In the early days, the British authorities intended to admit and process marriage applications from British soldiers in Austria only within the short period from autumn 1946 to June 1947. The six-month deadline for reviewing marriage applications was to be met by a cut-off date in June 1947.55 However, this proposal was met with rejection from within the military. Since it could be assumed that British soldiers would not adhere to this deadline regardless of the threat of punishment, and that this would not contribute to maintaining soldierly discipline, the proposal was not implemented.56
As soon as British–Austrian couples were granted permission to marry, not all obstacles had been overcome. There were also requirements to be met when planning the wedding. British–Austrian brides and grooms had to take both British and Austrian legislation into account. The Foreign Marriage Act of 1892 stipulated that in Britain, marriages of military personnel would only be valid if they were performed by British military chaplains or high-ranking army personnel. Marriages were also possible if the British were not soldiers but civilian employees of the Allied administration.57 At the same time, since marriages conducted in a British military office were not considered valid by the Austrian side, according to the Austrian Ministry of Justice, the wedding couple were advised to additionally have their marriages confirmed in Austrian registry offices. Only then did a marriage have legal effect both in Britain and in Austria. Church marriages before an Austrian chaplain were invalid in both countries if they were not confirmed by civil marriage ceremonies.58
In the first months after the lifting of the marriage ban, many British and Austrian women wedded initially only in British authorities, and not in Austrian registry offices.
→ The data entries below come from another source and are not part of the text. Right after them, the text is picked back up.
From mathcomp Require Import all_boot all_order all_algebra.
From mathcomp Require Import all_classical all_reals all_analysis.
From mathcomp Require Import ring lra.
Set Implicit Arguments. Unset Strict Implicit. Unset Printing Implicit Defensive.
Import Order.TTheory GRing.Theory Num.Theory.
Local Open Scope ring_scope.

(* For [mu] in the simplex, [dKL mu g^(th) = sum mu ln mu - <th, A mu> + sum_i ln Z_i(th)]
   with [Z_i] the softmax normaliser.  Perturbing a minimiser [ths] along
   [d = A g^(ths) - A eta] changes [dKL eta g^(.)] by [-t |d|^2 + O(t^2)], so the
   minimiser matches moments, [A g^(ths) = A eta].  With matching moments the
   identity above gives [dKL eta g^th = dKL eta g^(ths) + dKL g^(ths) g^th] for
   every [th].  Finally the OCDS predictions are exactly the [g^th]: rule rows of
   [th] are [n_j] times the log-odds of the accuracies and class rows are [n ln w];
   conversely any [th] is reached through a logistic map on rule rows and a softmax
   on class rows.  Hence the infimum over OCDS predictions is attained at [g^(ths)]. *)

Section RealFacts.
Variable R : realType.
Implicit Types (x y t : R).

Lemma expR_le_quadratic x : `|x| <= 1/2 -> expR x <= 1 + x + 2 * x ^+ 2.
Proof.
rewrite ler_norml => /andP[xlo xhi].
have := expR_ge1Dx (- x); have := expRxMexpNx_1 x; have := expR_gt0 x.
set E := expR x; set F := expR (- x) => E0 EF F1.
(* [expR x = 1 / expR (- x) <= 1 / (1 - x)], and [1 / (1 - x) <= 1 + x + 2 x^2] *)
have : 0 <= (1 - x) * (1 + x + 2 * x ^+ 2) - 1 by nra.
nra.
Qed.

Lemma ln_sum_mul_expR_le (I : finType) (g u : I -> R) :
  (forall i, 0 <= g i) -> \sum_i g i = 1 -> (forall i, `|u i| <= 1/2) ->
  ln (\sum_i g i * expR (u i)) <= \sum_i g i * u i + 2 * \sum_i g i * u i ^+ 2.
Proof.
move=> g0 g1 u_small.
have expR_ge : forall i, 1/2 <= expR (u i).
  move=> i; have := expR_ge1Dx (u i); move: (u_small i); rewrite ler_norml.
  lra.
have mean_gt0 : 0 < \sum_i g i * expR (u i).
  apply: (@lt_le_trans _ _ (\sum_i g i * (1/2))); first by rewrite -mulr_suml g1; lra.
  by apply: ler_sum => i _; apply: ler_wpM2l.
have ln_le : ln (\sum_i g i * expR (u i)) <= \sum_i g i * expR (u i) - 1.
  by have := @le_ln1Dx _ (\sum_i g i * expR (u i) - 1); rewrite addrCA subrr addr0; apply; lra.
apply: (le_trans ln_le).
rewrite lerBlDr -{2}g1 mulr_sumr -!big_split /=; apply: ler_sum => i _.
have := @expR_le_quadratic (u i) (u_small i); have := g0 i; nra.
Qed.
In the summer of 1947, the Austrian side retroactively recognised all British–Austrian marriages that had only complied with British regulations, provided they had taken place before 20 July 1947.59 In the preceding weeks, a large number of post-nuptials had taken place in Austrian registry offices: In July 1947, the newspaper, Neue Zeit, reported that at the registry office in Graz, “[e]ven for some time […] marriages between Austrians and members of the occupying power [had] played a major role. Following the news that marriages before the Allied authorities are now officially recognised by the Austrian authorities, the number of civil marriages of Austrian girls to Allied soldiers has decreased. Mostly such marriages are now only performed before British army chaplains”.60 After 20 July 1947, marriages were only valid if they were also performed in an Austrian registry office.61 In Austria, couples were informed of this change in the law through the media. The motive for the “retroactive validity” of these already concluded marriages was said to be “the protection of the interests of these Austrian women and the children resulting from these marriages”.62 Not only the desire of the couples to marry, but also the legal status of their children, and possibly also the “problem” of “occupation children” born out of wedlock, for whom the British soldiers could not be obliged to make any alimony payments (Schretter 2021; Thane and Evans 2012, pp. 114–17), may have been taken into account.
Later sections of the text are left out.